→ WHAT IS EXPECTED:
Nothing outside the range is wanted. Repeat exactly the lines below from the one with "move=> AE BE AB." through the one with "move=> AE; have".

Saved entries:

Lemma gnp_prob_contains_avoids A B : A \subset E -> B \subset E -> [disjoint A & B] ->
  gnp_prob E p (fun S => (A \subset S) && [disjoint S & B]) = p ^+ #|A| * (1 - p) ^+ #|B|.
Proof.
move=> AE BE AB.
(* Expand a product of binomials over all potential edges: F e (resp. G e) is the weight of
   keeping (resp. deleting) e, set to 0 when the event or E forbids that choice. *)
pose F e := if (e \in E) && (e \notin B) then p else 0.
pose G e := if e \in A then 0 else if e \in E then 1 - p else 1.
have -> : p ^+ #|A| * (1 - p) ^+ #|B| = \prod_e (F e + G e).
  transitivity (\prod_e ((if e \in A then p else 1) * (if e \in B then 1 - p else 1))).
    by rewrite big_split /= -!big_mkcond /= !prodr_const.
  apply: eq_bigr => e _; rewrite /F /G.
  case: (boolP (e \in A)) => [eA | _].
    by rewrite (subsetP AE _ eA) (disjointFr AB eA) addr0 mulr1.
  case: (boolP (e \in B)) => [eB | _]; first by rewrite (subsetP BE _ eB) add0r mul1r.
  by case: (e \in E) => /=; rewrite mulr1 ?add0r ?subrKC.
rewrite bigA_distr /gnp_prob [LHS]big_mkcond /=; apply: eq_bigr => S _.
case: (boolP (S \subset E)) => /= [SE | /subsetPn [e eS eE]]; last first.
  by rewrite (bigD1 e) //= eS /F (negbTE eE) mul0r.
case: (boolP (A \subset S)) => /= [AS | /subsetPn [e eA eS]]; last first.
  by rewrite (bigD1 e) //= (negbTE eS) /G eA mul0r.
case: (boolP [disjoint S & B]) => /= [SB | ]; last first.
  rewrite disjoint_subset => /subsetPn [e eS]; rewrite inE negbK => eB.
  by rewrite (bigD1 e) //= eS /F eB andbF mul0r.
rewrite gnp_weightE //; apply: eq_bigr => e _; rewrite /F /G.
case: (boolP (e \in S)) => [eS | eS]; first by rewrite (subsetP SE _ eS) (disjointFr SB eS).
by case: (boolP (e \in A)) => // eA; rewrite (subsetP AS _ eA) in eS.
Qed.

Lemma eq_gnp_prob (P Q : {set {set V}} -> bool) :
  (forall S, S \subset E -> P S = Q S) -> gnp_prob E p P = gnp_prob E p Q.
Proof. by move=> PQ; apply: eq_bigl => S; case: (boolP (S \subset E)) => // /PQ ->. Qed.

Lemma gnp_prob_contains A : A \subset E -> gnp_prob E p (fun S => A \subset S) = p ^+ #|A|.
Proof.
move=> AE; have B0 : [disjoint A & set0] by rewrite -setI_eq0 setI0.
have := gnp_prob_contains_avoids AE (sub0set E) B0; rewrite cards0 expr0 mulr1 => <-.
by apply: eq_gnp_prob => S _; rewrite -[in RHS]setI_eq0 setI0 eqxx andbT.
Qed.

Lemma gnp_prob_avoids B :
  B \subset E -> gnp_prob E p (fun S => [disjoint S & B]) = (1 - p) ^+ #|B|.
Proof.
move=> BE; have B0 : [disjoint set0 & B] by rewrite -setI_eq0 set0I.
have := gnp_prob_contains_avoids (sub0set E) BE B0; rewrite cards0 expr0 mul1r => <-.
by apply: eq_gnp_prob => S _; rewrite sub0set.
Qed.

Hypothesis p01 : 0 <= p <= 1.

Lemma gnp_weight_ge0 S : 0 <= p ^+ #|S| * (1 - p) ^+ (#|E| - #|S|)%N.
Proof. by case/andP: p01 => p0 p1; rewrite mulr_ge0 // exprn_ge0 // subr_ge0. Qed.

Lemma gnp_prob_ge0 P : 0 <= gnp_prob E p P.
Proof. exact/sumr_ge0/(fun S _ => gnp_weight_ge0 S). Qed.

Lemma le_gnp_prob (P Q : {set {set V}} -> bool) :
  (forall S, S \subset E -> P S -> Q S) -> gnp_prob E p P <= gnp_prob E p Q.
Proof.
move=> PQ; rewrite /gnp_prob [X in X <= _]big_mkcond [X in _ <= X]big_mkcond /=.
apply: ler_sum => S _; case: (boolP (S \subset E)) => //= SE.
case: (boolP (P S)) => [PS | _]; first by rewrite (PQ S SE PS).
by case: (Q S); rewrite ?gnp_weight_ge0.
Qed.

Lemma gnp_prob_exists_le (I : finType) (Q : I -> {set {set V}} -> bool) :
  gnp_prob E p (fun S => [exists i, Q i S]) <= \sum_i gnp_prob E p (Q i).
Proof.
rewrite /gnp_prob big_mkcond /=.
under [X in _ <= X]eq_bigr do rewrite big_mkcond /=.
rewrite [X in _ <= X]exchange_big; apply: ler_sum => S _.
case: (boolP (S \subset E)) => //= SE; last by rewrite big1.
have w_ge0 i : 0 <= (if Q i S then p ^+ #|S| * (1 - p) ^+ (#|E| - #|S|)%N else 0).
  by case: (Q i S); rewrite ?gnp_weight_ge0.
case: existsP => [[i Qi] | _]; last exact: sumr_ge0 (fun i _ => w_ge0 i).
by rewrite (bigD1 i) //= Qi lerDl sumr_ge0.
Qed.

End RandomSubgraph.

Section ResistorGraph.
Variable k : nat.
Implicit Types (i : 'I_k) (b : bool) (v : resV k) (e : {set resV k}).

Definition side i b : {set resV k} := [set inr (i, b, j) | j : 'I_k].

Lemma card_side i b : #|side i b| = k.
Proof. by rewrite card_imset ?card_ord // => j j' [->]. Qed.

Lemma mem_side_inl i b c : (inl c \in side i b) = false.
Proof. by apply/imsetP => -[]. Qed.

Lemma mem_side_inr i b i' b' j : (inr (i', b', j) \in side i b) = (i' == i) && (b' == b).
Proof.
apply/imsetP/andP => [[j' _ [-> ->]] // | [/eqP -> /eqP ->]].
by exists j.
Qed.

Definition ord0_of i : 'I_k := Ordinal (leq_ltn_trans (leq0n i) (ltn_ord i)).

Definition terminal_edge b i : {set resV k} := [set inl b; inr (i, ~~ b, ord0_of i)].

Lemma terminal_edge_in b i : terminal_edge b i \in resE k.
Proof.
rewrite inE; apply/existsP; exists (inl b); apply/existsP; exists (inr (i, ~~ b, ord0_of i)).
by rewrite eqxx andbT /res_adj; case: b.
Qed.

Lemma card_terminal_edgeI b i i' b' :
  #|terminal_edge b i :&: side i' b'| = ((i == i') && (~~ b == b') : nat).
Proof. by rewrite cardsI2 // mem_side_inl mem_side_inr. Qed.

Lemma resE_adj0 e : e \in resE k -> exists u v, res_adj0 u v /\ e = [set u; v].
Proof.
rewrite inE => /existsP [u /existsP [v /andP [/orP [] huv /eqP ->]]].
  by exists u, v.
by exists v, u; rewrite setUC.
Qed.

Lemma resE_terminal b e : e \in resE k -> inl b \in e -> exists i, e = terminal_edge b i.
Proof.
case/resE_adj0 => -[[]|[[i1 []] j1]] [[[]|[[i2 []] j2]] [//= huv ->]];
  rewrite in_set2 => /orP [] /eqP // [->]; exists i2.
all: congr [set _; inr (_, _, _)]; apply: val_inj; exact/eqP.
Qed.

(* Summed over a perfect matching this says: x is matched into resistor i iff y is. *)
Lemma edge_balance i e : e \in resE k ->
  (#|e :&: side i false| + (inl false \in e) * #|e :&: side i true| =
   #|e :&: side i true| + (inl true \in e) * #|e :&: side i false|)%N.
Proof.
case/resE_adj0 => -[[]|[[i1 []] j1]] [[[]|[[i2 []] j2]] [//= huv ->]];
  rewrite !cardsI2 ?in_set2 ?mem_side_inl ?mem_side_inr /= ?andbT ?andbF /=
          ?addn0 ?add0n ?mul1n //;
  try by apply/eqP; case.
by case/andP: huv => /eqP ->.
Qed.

→ REPLY TO THE EXERCISE:
move=> AE BE AB.
(* Expand a product of binomials over all potential edges: F e (resp. G e) is the weight of
   keeping (resp. deleting) e, set to 0 when the event or E forbids that choice. *)
pose F e := if (e \in E) && (e \notin B) then p else 0.
pose G e := if e \in A then 0 else if e \in E then 1 - p else 1.
have -> : p ^+ #|A| * (1 - p) ^+ #|B| = \prod_e (F e + G e).
  transitivity (\prod_e ((if e \in A then p else 1) * (if e \in B then 1 - p else 1))).
    by rewrite big_split /= -!big_mkcond /= !prodr_const.
  apply: eq_bigr => e _; rewrite /F /G.
  case: (boolP (e \in A)) => [eA | _].
    by rewrite (subsetP AE _ eA) (disjointFr AB eA) addr0 mulr1.
  case: (boolP (e \in B)) => [eB | _]; first by rewrite (subsetP BE _ eB) add0r mul1r.
  by case: (e \in E) => /=; rewrite mulr1 ?add0r ?subrKC.
rewrite bigA_distr /gnp_prob [LHS]big_mkcond /=; apply: eq_bigr => S _.
case: (boolP (S \subset E)) => /= [SE | /subsetPn [e eS eE]]; last first.
  by rewrite (bigD1 e) //= eS /F (negbTE eE) mul0r.
case: (boolP (A \subset S)) => /= [AS | /subsetPn [e eA eS]]; last first.
  by rewrite (bigD1 e) //= (negbTE eS) /G eA mul0r.
case: (boolP [disjoint S & B]) => /= [SB | ]; last first.
  rewrite disjoint_subset => /subsetPn [e eS]; rewrite inE negbK => eB.
  by rewrite (bigD1 e) //= eS /F eB andbF mul0r.
rewrite gnp_weightE //; apply: eq_bigr => e _; rewrite /F /G.
case: (boolP (e \in S)) => [eS | eS]; first by rewrite (subsetP SE _ eS) (disjointFr SB eS).
by case: (boolP (e \in A)) => // eA; rewrite (subsetP AS _ eA) in eS.
Qed.

Lemma eq_gnp_prob (P Q : {set {set V}} -> bool) :
  (forall S, S \subset E -> P S = Q S) -> gnp_prob E p P = gnp_prob E p Q.
Proof. by move=> PQ; apply: eq_bigl => S; case: (boolP (S \subset E)) => // /PQ ->. Qed.

Lemma gnp_prob_contains A : A \subset E -> gnp_prob E p (fun S => A \subset S) = p ^+ #|A|.
Proof.
move=> AE; have B0 : [disjoint A & set0] by rewrite -setI_eq0 setI0.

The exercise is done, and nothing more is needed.